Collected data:
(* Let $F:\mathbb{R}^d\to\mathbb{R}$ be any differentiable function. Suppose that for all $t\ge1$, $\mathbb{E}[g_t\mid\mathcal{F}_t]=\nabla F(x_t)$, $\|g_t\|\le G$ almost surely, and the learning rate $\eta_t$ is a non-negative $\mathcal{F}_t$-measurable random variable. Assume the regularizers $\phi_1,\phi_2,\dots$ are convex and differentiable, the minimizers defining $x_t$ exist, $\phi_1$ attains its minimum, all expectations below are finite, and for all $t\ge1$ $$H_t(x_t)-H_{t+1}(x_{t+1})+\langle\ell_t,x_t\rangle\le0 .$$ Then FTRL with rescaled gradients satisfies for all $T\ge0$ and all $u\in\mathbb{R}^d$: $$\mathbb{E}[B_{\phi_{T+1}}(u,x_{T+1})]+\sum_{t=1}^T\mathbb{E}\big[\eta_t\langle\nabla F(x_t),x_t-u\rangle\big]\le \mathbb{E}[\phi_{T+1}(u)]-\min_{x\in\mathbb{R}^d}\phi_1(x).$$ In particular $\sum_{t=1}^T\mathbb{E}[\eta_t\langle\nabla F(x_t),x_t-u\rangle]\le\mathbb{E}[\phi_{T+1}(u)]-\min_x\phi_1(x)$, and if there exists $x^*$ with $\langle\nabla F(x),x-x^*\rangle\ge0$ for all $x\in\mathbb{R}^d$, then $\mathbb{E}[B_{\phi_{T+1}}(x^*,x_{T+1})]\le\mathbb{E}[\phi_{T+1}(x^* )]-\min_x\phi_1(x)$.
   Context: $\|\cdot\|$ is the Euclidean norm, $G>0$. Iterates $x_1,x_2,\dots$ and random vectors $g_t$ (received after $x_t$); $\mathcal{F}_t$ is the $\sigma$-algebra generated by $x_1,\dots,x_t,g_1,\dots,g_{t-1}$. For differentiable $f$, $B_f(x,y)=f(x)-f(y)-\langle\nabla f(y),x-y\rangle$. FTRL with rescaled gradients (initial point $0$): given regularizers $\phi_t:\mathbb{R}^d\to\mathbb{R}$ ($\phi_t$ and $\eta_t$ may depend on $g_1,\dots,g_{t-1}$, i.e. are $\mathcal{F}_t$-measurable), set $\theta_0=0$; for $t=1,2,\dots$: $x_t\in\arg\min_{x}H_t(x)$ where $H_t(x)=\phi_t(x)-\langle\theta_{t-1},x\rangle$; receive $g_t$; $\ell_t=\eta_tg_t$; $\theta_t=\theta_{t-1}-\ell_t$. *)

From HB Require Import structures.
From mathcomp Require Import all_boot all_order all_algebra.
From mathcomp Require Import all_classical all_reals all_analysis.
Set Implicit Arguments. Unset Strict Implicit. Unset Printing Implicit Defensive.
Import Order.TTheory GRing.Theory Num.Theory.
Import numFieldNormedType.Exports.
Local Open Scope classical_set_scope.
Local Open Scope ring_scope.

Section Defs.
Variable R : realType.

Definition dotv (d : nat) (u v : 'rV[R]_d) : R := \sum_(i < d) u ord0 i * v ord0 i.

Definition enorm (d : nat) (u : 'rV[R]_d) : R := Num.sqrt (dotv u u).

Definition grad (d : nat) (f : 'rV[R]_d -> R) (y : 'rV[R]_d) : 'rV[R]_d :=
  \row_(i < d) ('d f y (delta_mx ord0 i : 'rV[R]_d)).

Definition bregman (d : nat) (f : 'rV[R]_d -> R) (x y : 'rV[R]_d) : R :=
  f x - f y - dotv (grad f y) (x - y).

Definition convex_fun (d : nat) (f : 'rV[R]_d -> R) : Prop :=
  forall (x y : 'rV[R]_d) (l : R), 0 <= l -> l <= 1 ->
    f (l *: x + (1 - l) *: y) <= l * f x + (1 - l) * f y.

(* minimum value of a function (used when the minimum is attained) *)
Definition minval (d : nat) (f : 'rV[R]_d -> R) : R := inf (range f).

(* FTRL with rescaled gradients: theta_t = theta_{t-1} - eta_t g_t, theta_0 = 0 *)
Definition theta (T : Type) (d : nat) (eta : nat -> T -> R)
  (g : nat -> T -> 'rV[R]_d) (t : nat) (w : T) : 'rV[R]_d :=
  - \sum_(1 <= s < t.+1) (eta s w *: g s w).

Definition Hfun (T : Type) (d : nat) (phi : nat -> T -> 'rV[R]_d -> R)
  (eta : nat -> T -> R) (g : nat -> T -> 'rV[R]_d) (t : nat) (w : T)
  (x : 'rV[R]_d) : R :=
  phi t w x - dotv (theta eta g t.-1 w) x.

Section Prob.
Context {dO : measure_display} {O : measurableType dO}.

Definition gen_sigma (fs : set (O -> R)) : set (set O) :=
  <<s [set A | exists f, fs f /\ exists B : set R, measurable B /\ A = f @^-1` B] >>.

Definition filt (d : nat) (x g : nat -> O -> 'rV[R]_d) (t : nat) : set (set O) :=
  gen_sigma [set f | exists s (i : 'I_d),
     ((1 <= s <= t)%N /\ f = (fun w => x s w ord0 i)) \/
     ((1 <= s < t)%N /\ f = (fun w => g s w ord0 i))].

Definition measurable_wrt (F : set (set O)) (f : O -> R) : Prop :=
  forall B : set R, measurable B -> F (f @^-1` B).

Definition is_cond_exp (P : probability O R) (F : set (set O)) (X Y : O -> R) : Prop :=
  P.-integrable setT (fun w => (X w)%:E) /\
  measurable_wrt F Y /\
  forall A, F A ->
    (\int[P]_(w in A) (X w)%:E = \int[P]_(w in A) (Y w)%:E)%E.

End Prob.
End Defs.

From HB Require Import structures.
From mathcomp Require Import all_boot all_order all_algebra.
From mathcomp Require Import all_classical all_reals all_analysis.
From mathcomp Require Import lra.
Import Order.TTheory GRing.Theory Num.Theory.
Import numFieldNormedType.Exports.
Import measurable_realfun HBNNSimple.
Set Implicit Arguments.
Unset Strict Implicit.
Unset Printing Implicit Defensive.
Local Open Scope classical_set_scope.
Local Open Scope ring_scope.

--

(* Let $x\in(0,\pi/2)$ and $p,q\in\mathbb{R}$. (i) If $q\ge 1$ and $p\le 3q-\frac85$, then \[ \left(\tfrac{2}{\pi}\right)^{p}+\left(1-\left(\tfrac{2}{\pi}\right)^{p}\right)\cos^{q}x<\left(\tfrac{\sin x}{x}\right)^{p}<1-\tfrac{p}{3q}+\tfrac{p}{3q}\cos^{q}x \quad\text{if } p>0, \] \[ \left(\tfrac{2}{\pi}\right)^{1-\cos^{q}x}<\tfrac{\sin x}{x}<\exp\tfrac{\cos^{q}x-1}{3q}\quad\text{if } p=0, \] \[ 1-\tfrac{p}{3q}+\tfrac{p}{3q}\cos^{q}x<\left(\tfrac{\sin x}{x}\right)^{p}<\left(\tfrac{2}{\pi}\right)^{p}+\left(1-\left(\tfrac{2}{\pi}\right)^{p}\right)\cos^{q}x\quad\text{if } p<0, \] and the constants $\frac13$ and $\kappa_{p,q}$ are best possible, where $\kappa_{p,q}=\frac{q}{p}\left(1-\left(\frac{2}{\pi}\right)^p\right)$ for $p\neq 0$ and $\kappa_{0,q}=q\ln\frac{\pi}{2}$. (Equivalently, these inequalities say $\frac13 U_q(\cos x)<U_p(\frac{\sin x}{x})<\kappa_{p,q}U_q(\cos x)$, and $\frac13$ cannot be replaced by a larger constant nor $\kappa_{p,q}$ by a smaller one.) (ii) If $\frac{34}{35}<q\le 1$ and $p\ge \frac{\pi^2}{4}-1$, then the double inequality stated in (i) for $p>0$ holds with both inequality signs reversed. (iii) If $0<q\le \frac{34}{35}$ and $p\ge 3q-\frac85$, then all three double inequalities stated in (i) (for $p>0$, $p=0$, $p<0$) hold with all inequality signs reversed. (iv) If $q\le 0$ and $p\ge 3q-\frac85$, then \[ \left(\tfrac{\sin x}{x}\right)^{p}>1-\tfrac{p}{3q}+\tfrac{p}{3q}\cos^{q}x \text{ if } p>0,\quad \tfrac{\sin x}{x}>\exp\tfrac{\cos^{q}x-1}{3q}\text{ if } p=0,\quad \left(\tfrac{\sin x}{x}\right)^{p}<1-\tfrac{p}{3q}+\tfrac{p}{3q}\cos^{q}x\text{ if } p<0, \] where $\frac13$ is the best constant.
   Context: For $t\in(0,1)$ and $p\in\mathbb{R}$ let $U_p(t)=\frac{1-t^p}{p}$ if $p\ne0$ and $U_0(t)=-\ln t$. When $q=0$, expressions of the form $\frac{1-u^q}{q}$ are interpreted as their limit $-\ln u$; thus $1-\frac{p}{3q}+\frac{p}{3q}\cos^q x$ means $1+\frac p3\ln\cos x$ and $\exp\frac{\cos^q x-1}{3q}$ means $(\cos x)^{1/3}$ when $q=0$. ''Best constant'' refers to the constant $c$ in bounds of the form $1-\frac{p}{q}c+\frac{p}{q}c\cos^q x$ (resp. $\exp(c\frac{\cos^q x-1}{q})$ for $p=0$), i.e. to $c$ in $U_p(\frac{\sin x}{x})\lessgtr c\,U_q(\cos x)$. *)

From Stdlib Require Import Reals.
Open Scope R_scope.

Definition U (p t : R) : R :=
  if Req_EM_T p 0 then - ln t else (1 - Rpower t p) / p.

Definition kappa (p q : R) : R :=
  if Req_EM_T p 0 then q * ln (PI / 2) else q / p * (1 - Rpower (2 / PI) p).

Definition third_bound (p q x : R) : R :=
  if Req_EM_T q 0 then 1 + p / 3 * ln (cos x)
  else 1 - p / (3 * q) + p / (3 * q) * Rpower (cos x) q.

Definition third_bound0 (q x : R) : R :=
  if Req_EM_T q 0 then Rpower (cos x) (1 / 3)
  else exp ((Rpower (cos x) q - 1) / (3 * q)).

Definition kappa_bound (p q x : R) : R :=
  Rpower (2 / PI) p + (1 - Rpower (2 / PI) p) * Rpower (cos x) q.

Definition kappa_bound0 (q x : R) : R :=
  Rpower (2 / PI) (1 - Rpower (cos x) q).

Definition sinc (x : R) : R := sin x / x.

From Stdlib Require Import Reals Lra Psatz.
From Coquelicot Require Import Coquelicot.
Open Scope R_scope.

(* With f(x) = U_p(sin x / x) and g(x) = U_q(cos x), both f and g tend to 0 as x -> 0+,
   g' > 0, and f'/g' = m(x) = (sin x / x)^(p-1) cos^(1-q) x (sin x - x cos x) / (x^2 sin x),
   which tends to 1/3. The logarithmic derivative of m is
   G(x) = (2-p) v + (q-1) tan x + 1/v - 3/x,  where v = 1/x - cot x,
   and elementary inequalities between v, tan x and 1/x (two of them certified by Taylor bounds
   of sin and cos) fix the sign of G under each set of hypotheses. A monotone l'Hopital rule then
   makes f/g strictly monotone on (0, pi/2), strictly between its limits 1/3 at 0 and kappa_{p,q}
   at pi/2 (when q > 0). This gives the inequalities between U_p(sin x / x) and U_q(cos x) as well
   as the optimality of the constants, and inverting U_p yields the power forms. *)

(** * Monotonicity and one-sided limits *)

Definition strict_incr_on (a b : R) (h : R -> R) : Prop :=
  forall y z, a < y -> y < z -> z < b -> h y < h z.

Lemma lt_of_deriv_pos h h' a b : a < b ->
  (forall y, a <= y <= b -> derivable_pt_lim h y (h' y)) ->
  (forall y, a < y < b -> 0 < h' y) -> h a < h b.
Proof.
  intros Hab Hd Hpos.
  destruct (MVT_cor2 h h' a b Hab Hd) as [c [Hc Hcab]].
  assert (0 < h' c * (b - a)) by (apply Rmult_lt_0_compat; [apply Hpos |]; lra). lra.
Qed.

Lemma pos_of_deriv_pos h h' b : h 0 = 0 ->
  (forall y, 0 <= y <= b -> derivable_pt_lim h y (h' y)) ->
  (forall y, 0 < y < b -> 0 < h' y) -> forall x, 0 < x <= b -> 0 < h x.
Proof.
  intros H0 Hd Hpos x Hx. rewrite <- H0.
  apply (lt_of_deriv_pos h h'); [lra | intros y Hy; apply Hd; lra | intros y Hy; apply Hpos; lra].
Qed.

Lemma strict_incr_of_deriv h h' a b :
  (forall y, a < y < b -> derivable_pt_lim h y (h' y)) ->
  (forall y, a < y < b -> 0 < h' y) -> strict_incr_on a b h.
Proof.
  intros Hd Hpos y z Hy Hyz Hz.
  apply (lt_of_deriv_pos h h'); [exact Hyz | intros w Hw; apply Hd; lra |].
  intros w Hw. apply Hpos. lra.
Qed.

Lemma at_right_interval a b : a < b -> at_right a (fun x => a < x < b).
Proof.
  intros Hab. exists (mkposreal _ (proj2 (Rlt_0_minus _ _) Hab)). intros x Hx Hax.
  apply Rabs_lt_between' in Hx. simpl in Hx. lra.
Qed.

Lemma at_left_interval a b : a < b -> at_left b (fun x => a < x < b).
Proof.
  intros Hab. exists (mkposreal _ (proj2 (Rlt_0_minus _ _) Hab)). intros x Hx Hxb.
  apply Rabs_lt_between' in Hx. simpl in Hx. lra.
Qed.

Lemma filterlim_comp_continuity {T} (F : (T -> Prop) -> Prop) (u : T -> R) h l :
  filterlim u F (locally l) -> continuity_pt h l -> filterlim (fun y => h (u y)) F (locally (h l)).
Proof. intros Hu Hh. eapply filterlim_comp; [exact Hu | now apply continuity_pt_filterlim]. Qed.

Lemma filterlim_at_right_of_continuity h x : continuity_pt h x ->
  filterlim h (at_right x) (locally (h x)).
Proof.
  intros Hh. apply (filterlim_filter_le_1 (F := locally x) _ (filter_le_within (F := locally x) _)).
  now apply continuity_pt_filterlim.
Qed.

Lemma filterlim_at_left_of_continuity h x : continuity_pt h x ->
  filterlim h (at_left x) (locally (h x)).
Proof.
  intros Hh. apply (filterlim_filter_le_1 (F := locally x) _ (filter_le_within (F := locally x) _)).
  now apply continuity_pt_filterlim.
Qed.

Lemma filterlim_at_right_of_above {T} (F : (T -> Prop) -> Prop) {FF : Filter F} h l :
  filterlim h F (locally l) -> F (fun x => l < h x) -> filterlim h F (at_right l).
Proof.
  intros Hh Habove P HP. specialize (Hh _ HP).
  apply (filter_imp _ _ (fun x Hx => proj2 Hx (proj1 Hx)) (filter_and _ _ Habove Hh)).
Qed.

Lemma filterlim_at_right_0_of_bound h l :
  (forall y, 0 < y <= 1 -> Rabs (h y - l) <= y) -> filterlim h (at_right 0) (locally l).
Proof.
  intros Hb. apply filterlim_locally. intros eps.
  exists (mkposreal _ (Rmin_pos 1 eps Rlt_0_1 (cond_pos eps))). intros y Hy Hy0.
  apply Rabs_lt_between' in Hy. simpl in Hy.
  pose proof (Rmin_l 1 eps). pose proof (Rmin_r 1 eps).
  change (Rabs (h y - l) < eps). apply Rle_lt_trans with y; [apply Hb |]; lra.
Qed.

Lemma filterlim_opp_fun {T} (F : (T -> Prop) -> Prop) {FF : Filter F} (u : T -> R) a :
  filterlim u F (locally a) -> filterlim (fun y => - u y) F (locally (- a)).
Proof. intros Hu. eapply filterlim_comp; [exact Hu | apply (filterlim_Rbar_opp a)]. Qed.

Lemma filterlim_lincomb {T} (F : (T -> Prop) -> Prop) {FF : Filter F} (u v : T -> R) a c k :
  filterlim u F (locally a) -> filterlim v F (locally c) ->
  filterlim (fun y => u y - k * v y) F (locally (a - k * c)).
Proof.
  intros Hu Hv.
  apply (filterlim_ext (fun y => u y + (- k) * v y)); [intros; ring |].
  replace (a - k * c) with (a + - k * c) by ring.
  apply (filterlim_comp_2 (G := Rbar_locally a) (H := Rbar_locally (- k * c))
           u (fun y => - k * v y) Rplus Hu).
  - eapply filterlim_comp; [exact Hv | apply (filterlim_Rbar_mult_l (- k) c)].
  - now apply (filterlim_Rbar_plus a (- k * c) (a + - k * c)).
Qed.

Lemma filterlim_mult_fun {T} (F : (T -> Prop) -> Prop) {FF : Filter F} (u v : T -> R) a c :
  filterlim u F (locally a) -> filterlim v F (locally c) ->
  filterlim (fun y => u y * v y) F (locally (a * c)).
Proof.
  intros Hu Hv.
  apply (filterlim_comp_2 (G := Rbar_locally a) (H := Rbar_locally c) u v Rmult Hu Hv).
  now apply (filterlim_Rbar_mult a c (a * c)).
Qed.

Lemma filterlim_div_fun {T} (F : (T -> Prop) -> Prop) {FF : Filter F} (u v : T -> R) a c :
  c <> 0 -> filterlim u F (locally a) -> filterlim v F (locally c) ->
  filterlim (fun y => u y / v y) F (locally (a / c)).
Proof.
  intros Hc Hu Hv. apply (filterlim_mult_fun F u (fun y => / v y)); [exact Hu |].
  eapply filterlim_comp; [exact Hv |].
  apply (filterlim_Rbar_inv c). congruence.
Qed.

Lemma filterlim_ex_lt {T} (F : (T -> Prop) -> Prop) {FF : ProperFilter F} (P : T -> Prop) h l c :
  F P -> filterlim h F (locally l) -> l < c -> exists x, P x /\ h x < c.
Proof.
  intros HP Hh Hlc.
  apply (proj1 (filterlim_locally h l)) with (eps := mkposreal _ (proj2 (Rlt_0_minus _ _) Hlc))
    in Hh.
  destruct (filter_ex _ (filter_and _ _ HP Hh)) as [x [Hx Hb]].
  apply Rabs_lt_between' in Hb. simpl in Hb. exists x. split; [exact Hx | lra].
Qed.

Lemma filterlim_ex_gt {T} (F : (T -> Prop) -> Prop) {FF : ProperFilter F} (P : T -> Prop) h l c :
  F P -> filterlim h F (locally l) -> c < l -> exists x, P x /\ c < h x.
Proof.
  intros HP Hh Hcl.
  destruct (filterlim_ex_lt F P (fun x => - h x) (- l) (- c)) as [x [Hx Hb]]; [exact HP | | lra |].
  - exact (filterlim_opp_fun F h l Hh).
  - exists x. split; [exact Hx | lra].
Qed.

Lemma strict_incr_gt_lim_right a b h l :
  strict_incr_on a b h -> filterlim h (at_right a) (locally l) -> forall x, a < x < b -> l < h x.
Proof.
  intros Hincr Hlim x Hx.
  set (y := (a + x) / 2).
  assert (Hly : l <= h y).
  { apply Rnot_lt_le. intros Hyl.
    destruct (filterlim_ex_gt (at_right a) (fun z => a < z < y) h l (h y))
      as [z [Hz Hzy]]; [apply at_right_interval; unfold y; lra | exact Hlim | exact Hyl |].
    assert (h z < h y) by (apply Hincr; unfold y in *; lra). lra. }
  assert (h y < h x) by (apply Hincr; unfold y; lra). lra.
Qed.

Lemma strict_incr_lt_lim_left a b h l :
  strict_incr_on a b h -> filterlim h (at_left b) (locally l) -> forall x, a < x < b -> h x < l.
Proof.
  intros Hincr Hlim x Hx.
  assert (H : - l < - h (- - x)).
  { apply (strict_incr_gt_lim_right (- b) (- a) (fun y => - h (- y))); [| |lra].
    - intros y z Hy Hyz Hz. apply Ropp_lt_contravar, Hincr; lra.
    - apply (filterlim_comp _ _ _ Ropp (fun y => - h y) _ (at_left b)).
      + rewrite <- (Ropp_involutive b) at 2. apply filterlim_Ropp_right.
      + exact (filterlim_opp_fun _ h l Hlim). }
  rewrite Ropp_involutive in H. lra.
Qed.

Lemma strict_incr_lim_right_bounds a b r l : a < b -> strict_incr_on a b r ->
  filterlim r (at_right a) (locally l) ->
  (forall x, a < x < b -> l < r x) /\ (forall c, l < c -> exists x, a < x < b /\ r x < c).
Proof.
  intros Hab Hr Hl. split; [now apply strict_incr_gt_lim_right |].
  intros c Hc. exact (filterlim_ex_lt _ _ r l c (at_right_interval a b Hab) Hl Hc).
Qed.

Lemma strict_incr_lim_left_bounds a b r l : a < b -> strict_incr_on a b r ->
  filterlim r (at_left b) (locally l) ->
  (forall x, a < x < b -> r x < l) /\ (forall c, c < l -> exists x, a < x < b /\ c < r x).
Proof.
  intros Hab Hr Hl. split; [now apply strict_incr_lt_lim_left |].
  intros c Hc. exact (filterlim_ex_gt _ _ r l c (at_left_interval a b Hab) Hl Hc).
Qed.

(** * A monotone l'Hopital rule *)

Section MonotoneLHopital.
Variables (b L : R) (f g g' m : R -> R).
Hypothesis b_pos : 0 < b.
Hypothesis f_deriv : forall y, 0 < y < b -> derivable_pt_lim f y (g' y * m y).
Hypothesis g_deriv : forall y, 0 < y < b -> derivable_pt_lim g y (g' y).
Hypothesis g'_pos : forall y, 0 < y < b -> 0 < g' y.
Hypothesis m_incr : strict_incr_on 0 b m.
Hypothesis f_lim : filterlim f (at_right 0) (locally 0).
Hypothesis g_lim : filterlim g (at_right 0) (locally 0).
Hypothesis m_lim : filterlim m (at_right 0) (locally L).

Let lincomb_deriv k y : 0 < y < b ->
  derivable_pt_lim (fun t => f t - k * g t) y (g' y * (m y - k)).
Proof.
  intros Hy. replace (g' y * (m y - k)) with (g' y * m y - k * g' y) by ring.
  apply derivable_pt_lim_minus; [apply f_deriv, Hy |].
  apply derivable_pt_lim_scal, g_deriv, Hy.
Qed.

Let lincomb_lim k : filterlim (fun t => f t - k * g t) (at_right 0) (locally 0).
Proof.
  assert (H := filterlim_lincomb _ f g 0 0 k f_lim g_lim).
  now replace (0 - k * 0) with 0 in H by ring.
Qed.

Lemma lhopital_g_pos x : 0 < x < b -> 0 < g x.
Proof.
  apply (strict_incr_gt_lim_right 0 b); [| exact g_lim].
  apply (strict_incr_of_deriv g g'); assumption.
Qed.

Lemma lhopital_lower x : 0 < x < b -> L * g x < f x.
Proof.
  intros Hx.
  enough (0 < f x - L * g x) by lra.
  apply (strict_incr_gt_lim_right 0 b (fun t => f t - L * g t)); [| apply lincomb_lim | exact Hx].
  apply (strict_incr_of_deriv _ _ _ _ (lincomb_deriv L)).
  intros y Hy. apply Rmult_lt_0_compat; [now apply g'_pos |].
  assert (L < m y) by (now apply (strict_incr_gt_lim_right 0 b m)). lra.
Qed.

*Your goal*
Search the data above for lines holding "Require" and copy each of them.

*Expected answer*
From HB Require Import structures.
From mathcomp Require Import all_boot all_order all_algebra.
From mathcomp Require Import all_classical all_reals all_analysis.
From HB Require Import structures.
From mathcomp Require Import all_boot all_order all_algebra.
From mathcomp Require Import all_classical all_reals all_analysis.
From mathcomp Require Import lra.
From Stdlib Require Import Reals.
From Stdlib Require Import Reals Lra Psatz.
From Coquelicot Require Import Coquelicot.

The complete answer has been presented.